From the data that follows, report how many lines hold the string "reflexivity", giving only the number.

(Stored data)
^^^^^^^^
Lemma maps_piece_sub (f : R -> R) (a c s : R) (e g d : Z) :
  maps_piece f a c e g -> 0 <= s -> s + tpow (e + d) <= tpow e ->
  maps_piece f (a + s) (c + tpow (g - e) * s) (e + d) (g + d).
Proof.
  intros Hf Hs Hle t Ht. replace (g + d - (e + d))%Z with (g - e)%Z by lia.
  rewrite Hf by lra. ring.
Qed.

Lemma maps_piece_refine (f : R -> R) (U : tree) (a c : R) (e g : Z) :
  maps_piece f a c e g -> maps_pieces f a c (leaf_exps U e) (leaf_exps U g).
Proof.
  revert a c e g; induction U as [|b l r IHl IHr] using tree_Node_ind; intros a c e g Hf.
  { simpl. auto. }
  rewrite !leaf_exps_Node.
  set (d1 := if b then 2%Z else 1%Z). set (d2 := if b then 1%Z else 2%Z).
  assert (Hsplit : tpow (e + d1) + tpow (e + d2) = tpow e).
  { unfold d1, d2. destruct b; [|rewrite Rplus_comm]; apply tpow_split. }
  pose proof (tpow_pos (e + d1)). pose proof (tpow_pos (e + d2)).
  apply maps_pieces_app; [rewrite !length_leaf_exps; auto|].
  rewrite !sum_tpow_leaf_exps. split.
  - apply IHl. pose proof (maps_piece_sub f a c 0 e g d1 Hf) as H1.
    rewrite Rplus_0_r, Rmult_0_r, Rplus_0_r in H1. apply H1; lra.
  - apply IHr. replace (tpow (g + d1)) with (tpow (g - e) * tpow (e + d1))
      by (rewrite <- tpow_add; f_equal; lia).
    apply maps_piece_sub; auto; lra.
Qed.

Lemma maps_pieces_refine (f : R -> R) (a c : R) (es gs : list Z) (Ss : list tree) :
  maps_pieces f a c es gs -> length Ss = length es ->
  maps_pieces f a c (refine es Ss) (refine gs Ss).
Proof.
  revert a c gs Ss; induction es as [|e es IH]; intros a c [|g gs] [|U Ss]; simpl;
    try tauto; try lia.
  intros [Hf Hrest] HL.
  apply maps_pieces_app; [rewrite !length_leaf_exps; auto|].
  rewrite !sum_tpow_leaf_exps. split.
  - apply maps_piece_refine, Hf.
  - apply IH; auto.
Qed.

Lemma maps_pieces_comp (f h : R -> R) (a c d : R) (es gs hs : list Z) :
  maps_pieces f a c es gs -> maps_pieces h c d gs hs ->
  maps_pieces (fun t => h (f t)) a d es hs.
Proof.
  revert a c d gs hs; induction es as [|e es IH]; intros a c d [|g gs] [|k hs]; simpl;
    try tauto.
  intros [Hf Hfs] [Hh Hhs]. split; [|eauto].
  intros t Ht. pose proof (tpow_pos (g - e)).
  assert (Hge : tpow (g - e) * tpow e = tpow g) by apply tpow_sub_mul.
  rewrite Hf, Hh by (auto; nra).
  replace (tpow (k - e)) with (tpow (k - g) * tpow (g - e)) by (rewrite <- tpow_add; f_equal; lia).
  ring.
Qed.

Lemma maps_pieces_start (f : R -> R) (a c : R) (es gs : list Z) :
  maps_pieces f a c es gs -> es <> [] -> f a = c.
Proof.
  destruct es as [|e es], gs as [|g gs]; simpl; try tauto.
  intros [Hf _] _. pose proof (tpow_pos e). rewrite Hf by lra. ring.
Qed.

Lemma maps_pieces_end (f : R -> R) (a c : R) (es gs : list Z) :
  maps_pieces f a c es gs -> es <> [] -> f (a + sum_tpow es) = c + sum_tpow gs.
Proof.
  revert a c gs; induction es as [|e es IH]; intros a c [|g gs]; simpl; try tauto.
  intros [Hf Hfs] _. destruct es as [|e' es].
  - destruct gs; simpl in Hfs; try tauto. pose proof (tpow_pos e).
    rewrite !Rplus_0_r, Hf, <- (tpow_sub_mul g e) by lra. ring.
  - rewrite <- !Rplus_assoc, (IH _ _ _ Hfs) by discriminate. reflexivity.
Qed.

Lemma maps_pieces_range (f : R -> R) (a c : R) (es gs : list Z) :
  maps_pieces f a c es gs -> es <> [] ->
  forall t, a <= t <= a + sum_tpow es -> c <= f t <= c + sum_tpow gs.
Proof.
  revert a c gs; induction es as [|e es IH]; intros a c [|g gs]; simpl; try tauto.
  intros [Hf Hfs] _ t Ht.
  pose proof (sum_tpow_nonneg es). pose proof (sum_tpow_nonneg gs).
  pose proof (tpow_pos e). pose proof (tpow_pos g).
  destruct (Rle_dec t (a + tpow e)).
  - pose proof (tpow_sub_mul g e). pose proof (tpow_pos (g - e)).
    rewrite Hf by lra. split; nra.
  - destruct es as [|e' es]; [simpl in Ht; lra|].
    assert (c + tpow g <= f t <= c + tpow g + sum_tpow gs)
      by (apply (IH _ _ _ Hfs); [discriminate | lra]).
    lra.
Qed.

Lemma maps_pieces_unique (f h : R -> R) (a c : R) (es gs : list Z) :
  maps_pieces f a c es gs -> maps_pieces h a c es gs -> es <> [] ->
  forall t, a <= t <= a + sum_tpow es -> f t = h t.
Proof.
  revert a c gs; induction es as [|e es IH]; intros a c [|g gs]; simpl; try tauto.
  intros [Hf Hfs] [Hh Hhs] _ t Ht.
  destruct (Rle_dec t (a + tpow e)).
  - rewrite Hf, Hh by lra. reflexivity.
  - destruct es as [|e' es]; [simpl in Ht; lra|].
    apply (IH _ _ _ Hfs Hhs); [discriminate | lra].
Qed.

Lemma maps_pieces_leaves_range (f : R -> R) (T1 T2 : tree) (t : R) :
  maps_pieces f 0 0 (leaf_exps T1 0) (leaf_exps T2 0) -> 0 <= t <= 1 -> 0 <= f t <= 1.
Proof.
  intros Hf Ht. pose proof (maps_pieces_range _ _ _ _ _ Hf (leaf_exps_neq_nil _ _) t) as Hr.
  rewrite !sum_tpow_leaf_exps, tpow_0, Rplus_0_l in Hr. auto.
Qed.

Lemma maps_pieces_leaves_unique (f h : R -> R) (T : tree) (gs : list Z) (t : R) :
  maps_pieces f 0 0 (leaf_exps T 0) gs -> maps_pieces h 0 0 (leaf_exps T 0) gs ->
  0 <= t <= 1 -> f t = h t.
Proof.
  intros Hf Hh Ht. apply (maps_pieces_unique _ _ _ _ _ _ Hf Hh (leaf_exps_neq_nil _ _)).
  rewrite sum_tpow_leaf_exps, tpow_0. lra.
Qed.

Lemma maps_pieces_id (a : R) (es : list Z) : maps_pieces (fun t => t) a a es es.
Proof.
  revert a; induction es as [|e es IH]; intros a; simpl; auto.
  split; auto. intros t _. rewrite Z.sub_diag. unfold tpow. simpl. ring.
Qed.

Lemma maps_pieces_ext (f h : R -> R) (a c : R) (es gs : list Z) :
  maps_pieces f a c es gs -> (forall t, a <= t -> h t = f t) -> maps_pieces h a c es gs.
Proof.
  revert a c gs; induction es as [|e es IH]; intros a c [|g gs]; simpl; try tauto.
  intros [Hf Hfs] Hhf. pose proof (tpow_pos e). split.
  - intros t Ht. rewrite Hhf by lra. auto.
  - apply IH; auto. intros t Ht. apply Hhf. lra.
Qed.

Fixpoint intervals (a : R) (es : list Z) : list (R * R) :=
  match es with
  | [] => []
  | e :: es' => (a, a + tpow e) :: intervals (a + tpow e) es'
  end.

Lemma intervals_app (a : R) (es1 es2 : list Z) :
  intervals a (es1 ++ es2) = intervals a es1 ++ intervals (a + sum_tpow es1) es2.
Proof.
  revert a; induction es1 as [|e es1 IH]; intros a; simpl.
  - rewrite Rplus_0_r. reflexivity.
  - rewrite IH, Rplus_assoc. reflexivity.
Qed.

Lemma leaves_intervals (T : tree) (a b : R) (k : Z) :
  b = a + tpow k -> leaves T a b k = intervals a (leaf_exps T k).
Proof.
  revert a b k; induction T as [|l IHl r IHr|l IHl r IHr]; intros a b k ->; simpl.
  - reflexivity.
  - rewrite intervals_app, sum_tpow_leaf_exps, (IHl a _ _ eq_refl).
    rewrite (IHr _ _ (k + 1)%Z) by (rewrite <- (tpow_split k); unfold tpow; ring).
    reflexivity.
  - rewrite intervals_app, sum_tpow_leaf_exps, (IHl a _ _ eq_refl).
    rewrite (IHr _ _ (k + 2)%Z) by (rewrite <- (tpow_split k); unfold tpow; ring).
    reflexivity.
Qed.

Lemma pl_eval_maps_pieces (a c : R) (es gs : list Z) :
  length es = length gs ->
  maps_pieces (pl_eval (combine (intervals a es) (intervals c gs))) a c es gs.
Proof.
  revert a c gs; induction es as [|e es IH]; intros a c [|g gs] HL;
    simpl in HL; try lia; [exact I|].
  cbn [intervals combine maps_pieces].
  pose proof (tpow_pos e). pose proof (tpow_pos g).
  set (rest := combine (intervals (a + tpow e) es) (intervals (c + tpow g) gs)).
  assert (Hhead : maps_piece (pl_eval (((a, a + tpow e), (c, c + tpow g)) :: rest)) a c e g).
  { intros t Ht. simpl.
    destruct (Rle_dec a t); [|lra]. destruct (Rle_dec t (a + tpow e)); [|lra].
    rewrite <- (tpow_sub_mul g e). field. lra. }
  split; [exact Hhead|].
  specialize (IH (a + tpow e) (c + tpow g) gs ltac:(lia)).
  destruct es as [|e' es]; [destruct gs; simpl in *; auto; lia|].
  apply (maps_pieces_ext _ _ _ _ _ _ IH). intros t Ht.
  (* at the common endpoint [pl_eval] still uses the first interval *)
  destruct (Rle_dec t (a + tpow e)).
  - replace t with (a + tpow e) by lra.
    rewrite Hhead, (maps_pieces_start _ _ _ _ _ IH) by (lra || discriminate).
    rewrite <- (tpow_sub_mul g e). ring.
  - simpl. destruct (Rle_dec a t); [|lra]. destruct (Rle_dec t (a + tpow e)); [lra|].
    reflexivity.
Qed.

Lemma pair_fun_maps_pieces (T1 T2 : tree) :
  nleaves T1 = nleaves T2 -> maps_pieces (pair_fun T1 T2) 0 0 (leaf_exps T1 0) (leaf_exps T2 0).
Proof.
  intros HL. unfold pair_fun.
  rewrite !(leaves_intervals _ 0 1 0) by (unfold tpow; simpl; ring).
  apply pl_eval_maps_pieces. rewrite !length_leaf_exps. exact HL.
Qed.

(** * Combs and the generators *)

Fixpoint comb (ls : list tree) (c : tree) : tree :=
  match ls with [] => c | l :: ls' => NodeX l (comb ls' c) end.

Lemma comb_app (ls1 ls2 : list tree) (c : tree) : comb (ls1 ++ ls2) c = comb ls1 (comb ls2 c).
Proof. induction ls1 as [|l ls1 IH]; simpl; [|rewrite IH]; reflexivity. Qed.

Lemma spine_att_comb (c : tree) (m : nat) : spine_att c m = comb (repeat Leaf m) c.
Proof. induction m as [|m IH]; simpl; [|rewrite IH]; reflexivity. Qed.

Lemma spine_comb (m : nat) : spine m = comb (repeat Leaf m) Leaf.
Proof. apply spine_att_comb. Qed.

Lemma gen_A_comb (c : tree) (n : nat) : gen_A c n = comb (repeat Leaf n ++ [c]) Leaf.
Proof. unfold gen_A. rewrite spine_att_comb, comb_app. reflexivity. Qed.

Lemma ncarets_comb_Leaves (m : nat) (c : tree) :
  ncarets (comb (repeat Leaf m) c) = (m + ncarets c)%nat.
Proof. induction m as [|m IH]; simpl; lia. Qed.

Lemma ncarets_spine (m : nat) : ncarets (spine m) = m.
Proof. unfold spine. rewrite spine_att_comb, ncarets_comb_Leaves. simpl. lia. Qed.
^^^^^^^^
SOLUTION BELOW.
11